_Task requirements_
The entries below hold a line with "Lemma addx0 x : add x zero = x." and a line with "Lemma rscalx0 r : rscal r (@zero B) = zero.". Return those lines and all that lie between them, exactly and only.

_Collected data entries_

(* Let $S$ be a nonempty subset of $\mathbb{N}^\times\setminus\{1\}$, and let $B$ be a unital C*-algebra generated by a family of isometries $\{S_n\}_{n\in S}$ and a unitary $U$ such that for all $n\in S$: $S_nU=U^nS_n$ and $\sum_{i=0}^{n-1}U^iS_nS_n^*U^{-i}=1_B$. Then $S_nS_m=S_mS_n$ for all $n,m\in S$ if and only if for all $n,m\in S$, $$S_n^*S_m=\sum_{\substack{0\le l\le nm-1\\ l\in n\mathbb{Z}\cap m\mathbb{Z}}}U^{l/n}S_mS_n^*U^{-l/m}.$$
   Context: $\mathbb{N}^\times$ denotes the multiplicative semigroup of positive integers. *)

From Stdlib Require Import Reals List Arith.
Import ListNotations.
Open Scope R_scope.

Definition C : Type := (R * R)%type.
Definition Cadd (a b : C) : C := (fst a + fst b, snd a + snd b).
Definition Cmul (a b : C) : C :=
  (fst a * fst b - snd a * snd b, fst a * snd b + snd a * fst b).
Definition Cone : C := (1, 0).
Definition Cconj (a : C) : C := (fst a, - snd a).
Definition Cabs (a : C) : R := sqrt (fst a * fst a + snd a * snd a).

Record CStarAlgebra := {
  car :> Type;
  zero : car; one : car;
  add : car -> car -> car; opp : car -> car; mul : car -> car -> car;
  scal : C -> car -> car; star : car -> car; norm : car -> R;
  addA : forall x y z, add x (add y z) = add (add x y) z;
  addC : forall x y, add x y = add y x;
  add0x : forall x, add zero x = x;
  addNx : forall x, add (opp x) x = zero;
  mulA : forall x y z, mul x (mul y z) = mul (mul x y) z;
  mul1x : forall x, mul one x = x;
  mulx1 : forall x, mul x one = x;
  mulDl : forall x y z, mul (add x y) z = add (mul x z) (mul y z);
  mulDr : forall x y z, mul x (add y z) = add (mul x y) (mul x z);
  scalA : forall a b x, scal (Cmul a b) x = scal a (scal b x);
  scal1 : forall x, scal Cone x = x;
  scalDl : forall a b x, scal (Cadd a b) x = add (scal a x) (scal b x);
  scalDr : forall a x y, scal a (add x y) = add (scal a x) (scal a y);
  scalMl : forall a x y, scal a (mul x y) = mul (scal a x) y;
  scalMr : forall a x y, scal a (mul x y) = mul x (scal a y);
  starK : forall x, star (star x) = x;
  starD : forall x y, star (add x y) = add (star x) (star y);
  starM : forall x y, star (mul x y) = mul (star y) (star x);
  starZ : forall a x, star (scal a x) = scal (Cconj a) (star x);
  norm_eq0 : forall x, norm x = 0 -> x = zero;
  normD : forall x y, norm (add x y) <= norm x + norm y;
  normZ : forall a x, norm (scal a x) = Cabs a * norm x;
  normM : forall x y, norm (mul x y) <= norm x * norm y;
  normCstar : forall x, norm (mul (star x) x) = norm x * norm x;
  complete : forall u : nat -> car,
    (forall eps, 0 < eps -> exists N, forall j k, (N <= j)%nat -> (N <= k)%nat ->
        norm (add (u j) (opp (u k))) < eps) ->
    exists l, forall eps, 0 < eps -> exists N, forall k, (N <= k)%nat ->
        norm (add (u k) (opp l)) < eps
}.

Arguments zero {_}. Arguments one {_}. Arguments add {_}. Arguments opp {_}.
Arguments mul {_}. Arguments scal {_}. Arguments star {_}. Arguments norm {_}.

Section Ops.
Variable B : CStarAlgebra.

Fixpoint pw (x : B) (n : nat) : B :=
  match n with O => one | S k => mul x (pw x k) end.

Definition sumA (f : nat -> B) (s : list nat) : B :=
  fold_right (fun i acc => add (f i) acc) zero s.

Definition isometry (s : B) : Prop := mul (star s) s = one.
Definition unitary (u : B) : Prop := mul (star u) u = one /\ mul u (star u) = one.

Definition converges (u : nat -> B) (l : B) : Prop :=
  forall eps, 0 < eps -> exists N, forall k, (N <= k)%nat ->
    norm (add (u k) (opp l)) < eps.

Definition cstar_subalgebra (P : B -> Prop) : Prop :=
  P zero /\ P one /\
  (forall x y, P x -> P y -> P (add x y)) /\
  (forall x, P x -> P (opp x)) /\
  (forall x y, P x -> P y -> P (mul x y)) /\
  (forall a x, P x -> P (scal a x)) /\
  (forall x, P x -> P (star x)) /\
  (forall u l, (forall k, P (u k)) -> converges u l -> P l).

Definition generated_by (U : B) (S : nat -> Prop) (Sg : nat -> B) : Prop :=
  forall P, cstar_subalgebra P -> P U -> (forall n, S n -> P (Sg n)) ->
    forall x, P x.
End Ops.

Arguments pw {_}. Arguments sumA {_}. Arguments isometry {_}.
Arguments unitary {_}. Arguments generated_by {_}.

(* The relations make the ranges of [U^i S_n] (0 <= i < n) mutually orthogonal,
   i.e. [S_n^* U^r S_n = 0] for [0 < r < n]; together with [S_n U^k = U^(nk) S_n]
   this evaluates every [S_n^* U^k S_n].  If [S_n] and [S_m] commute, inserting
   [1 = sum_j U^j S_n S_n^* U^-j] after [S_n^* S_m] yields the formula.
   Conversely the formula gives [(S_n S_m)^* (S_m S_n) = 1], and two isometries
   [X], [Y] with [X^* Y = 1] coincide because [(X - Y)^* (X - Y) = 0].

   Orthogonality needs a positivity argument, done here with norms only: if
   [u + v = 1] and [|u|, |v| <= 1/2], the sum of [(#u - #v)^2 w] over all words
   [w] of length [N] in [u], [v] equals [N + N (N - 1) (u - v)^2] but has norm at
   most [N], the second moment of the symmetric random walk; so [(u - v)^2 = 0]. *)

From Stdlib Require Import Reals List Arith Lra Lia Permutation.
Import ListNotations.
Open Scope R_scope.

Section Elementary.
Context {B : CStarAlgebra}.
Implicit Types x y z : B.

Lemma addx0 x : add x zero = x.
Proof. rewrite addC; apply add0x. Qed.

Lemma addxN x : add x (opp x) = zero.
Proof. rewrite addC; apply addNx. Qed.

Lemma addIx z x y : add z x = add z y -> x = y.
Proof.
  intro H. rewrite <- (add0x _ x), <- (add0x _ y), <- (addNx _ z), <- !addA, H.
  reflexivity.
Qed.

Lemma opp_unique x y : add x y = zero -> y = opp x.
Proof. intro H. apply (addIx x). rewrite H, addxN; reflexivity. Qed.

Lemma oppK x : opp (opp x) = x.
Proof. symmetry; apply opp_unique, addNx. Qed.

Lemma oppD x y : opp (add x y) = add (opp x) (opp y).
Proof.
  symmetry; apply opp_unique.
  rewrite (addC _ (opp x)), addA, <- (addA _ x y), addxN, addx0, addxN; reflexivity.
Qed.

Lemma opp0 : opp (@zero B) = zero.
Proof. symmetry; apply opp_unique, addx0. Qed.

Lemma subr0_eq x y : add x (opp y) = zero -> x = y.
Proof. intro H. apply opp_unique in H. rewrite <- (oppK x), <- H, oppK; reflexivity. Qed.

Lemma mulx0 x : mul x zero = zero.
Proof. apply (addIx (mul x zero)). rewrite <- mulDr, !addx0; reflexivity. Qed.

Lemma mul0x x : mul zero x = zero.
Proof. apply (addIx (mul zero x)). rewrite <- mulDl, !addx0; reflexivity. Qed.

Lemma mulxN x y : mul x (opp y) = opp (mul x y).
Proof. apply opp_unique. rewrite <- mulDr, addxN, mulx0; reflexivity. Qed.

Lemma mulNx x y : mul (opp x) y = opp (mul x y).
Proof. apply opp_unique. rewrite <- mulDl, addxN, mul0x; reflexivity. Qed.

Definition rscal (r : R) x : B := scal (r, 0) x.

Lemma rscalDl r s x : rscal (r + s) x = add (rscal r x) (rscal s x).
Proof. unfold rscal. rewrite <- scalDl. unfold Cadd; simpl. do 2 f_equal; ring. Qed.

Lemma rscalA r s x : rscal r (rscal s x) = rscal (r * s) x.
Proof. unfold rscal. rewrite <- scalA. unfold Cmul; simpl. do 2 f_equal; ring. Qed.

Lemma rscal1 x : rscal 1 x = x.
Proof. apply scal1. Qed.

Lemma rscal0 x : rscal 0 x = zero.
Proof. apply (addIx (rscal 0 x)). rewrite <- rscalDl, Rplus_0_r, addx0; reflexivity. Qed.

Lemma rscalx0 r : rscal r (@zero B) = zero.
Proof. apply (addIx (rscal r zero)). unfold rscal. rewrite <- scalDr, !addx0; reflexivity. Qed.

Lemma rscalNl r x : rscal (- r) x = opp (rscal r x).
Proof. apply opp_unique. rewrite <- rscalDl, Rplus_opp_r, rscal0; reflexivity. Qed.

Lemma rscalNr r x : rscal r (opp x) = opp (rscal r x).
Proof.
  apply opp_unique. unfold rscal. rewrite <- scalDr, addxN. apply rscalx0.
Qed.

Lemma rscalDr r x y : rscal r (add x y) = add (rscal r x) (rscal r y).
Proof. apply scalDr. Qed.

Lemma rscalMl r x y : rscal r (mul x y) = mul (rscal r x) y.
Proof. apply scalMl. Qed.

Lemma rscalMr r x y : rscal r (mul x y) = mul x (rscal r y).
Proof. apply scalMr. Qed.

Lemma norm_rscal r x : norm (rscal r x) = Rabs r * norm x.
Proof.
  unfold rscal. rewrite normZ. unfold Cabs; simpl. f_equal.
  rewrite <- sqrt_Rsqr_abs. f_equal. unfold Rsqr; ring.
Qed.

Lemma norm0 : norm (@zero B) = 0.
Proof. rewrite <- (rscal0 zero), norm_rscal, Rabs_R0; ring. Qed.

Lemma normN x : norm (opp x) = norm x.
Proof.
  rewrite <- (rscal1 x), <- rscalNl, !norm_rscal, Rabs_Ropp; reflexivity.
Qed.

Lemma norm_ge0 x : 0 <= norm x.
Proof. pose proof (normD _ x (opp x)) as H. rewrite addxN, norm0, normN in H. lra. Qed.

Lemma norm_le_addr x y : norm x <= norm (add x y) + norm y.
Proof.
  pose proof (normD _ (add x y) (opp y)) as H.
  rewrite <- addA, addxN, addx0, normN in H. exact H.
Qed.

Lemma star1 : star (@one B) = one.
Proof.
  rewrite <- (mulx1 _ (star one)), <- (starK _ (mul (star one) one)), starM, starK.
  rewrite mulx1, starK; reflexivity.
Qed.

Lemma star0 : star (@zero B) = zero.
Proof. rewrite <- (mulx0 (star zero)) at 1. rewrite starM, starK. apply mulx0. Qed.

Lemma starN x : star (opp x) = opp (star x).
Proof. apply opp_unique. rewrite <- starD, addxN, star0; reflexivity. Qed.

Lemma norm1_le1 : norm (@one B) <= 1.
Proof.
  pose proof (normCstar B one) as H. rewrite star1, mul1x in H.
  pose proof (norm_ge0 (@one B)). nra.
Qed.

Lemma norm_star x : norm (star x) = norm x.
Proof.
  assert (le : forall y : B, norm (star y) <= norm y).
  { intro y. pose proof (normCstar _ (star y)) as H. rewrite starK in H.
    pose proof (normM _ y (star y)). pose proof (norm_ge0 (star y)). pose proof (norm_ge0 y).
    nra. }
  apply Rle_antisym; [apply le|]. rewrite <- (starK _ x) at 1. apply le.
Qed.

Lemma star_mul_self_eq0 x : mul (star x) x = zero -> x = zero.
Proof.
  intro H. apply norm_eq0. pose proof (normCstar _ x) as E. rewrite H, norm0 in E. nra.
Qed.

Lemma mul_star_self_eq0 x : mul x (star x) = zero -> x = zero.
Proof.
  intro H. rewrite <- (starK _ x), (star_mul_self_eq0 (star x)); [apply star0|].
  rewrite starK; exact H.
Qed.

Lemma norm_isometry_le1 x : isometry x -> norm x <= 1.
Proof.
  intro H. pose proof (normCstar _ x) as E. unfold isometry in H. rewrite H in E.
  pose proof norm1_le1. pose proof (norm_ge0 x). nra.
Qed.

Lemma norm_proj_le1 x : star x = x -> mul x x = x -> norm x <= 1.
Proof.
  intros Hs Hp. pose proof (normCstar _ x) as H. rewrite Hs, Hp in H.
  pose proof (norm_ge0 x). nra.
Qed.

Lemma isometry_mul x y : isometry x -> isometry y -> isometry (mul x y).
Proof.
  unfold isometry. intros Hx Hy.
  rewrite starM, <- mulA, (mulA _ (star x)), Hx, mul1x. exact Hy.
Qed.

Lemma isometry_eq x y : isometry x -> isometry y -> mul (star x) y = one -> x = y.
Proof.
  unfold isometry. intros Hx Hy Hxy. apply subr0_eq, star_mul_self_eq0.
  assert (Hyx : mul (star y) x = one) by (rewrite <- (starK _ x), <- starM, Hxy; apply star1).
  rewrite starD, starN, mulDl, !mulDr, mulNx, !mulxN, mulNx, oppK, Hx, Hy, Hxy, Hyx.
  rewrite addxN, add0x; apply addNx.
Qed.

_Answer below_
Lemma addx0 x : add x zero = x.
Proof. rewrite addC; apply add0x. Qed.

Lemma addxN x : add x (opp x) = zero.
Proof. rewrite addC; apply addNx. Qed.

Lemma addIx z x y : add z x = add z y -> x = y.
Proof.
  intro H. rewrite <- (add0x _ x), <- (add0x _ y), <- (addNx _ z), <- !addA, H.
  reflexivity.
Qed.

Lemma opp_unique x y : add x y = zero -> y = opp x.
Proof. intro H. apply (addIx x). rewrite H, addxN; reflexivity. Qed.

Lemma oppK x : opp (opp x) = x.
Proof. symmetry; apply opp_unique, addNx. Qed.

Lemma oppD x y : opp (add x y) = add (opp x) (opp y).
Proof.
  symmetry; apply opp_unique.
  rewrite (addC _ (opp x)), addA, <- (addA _ x y), addxN, addx0, addxN; reflexivity.
Qed.

Lemma opp0 : opp (@zero B) = zero.
Proof. symmetry; apply opp_unique, addx0. Qed.

Lemma subr0_eq x y : add x (opp y) = zero -> x = y.
Proof. intro H. apply opp_unique in H. rewrite <- (oppK x), <- H, oppK; reflexivity. Qed.

Lemma mulx0 x : mul x zero = zero.
Proof. apply (addIx (mul x zero)). rewrite <- mulDr, !addx0; reflexivity. Qed.

Lemma mul0x x : mul zero x = zero.
Proof. apply (addIx (mul zero x)). rewrite <- mulDl, !addx0; reflexivity. Qed.

Lemma mulxN x y : mul x (opp y) = opp (mul x y).
Proof. apply opp_unique. rewrite <- mulDr, addxN, mulx0; reflexivity. Qed.

Lemma mulNx x y : mul (opp x) y = opp (mul x y).
Proof. apply opp_unique. rewrite <- mulDl, addxN, mul0x; reflexivity. Qed.

Definition rscal (r : R) x : B := scal (r, 0) x.

Lemma rscalDl r s x : rscal (r + s) x = add (rscal r x) (rscal s x).
Proof. unfold rscal. rewrite <- scalDl. unfold Cadd; simpl. do 2 f_equal; ring. Qed.

Lemma rscalA r s x : rscal r (rscal s x) = rscal (r * s) x.
Proof. unfold rscal. rewrite <- scalA. unfold Cmul; simpl. do 2 f_equal; ring. Qed.

Lemma rscal1 x : rscal 1 x = x.
Proof. apply scal1. Qed.

Lemma rscal0 x : rscal 0 x = zero.
Proof. apply (addIx (rscal 0 x)). rewrite <- rscalDl, Rplus_0_r, addx0; reflexivity. Qed.

Lemma rscalx0 r : rscal r (@zero B) = zero.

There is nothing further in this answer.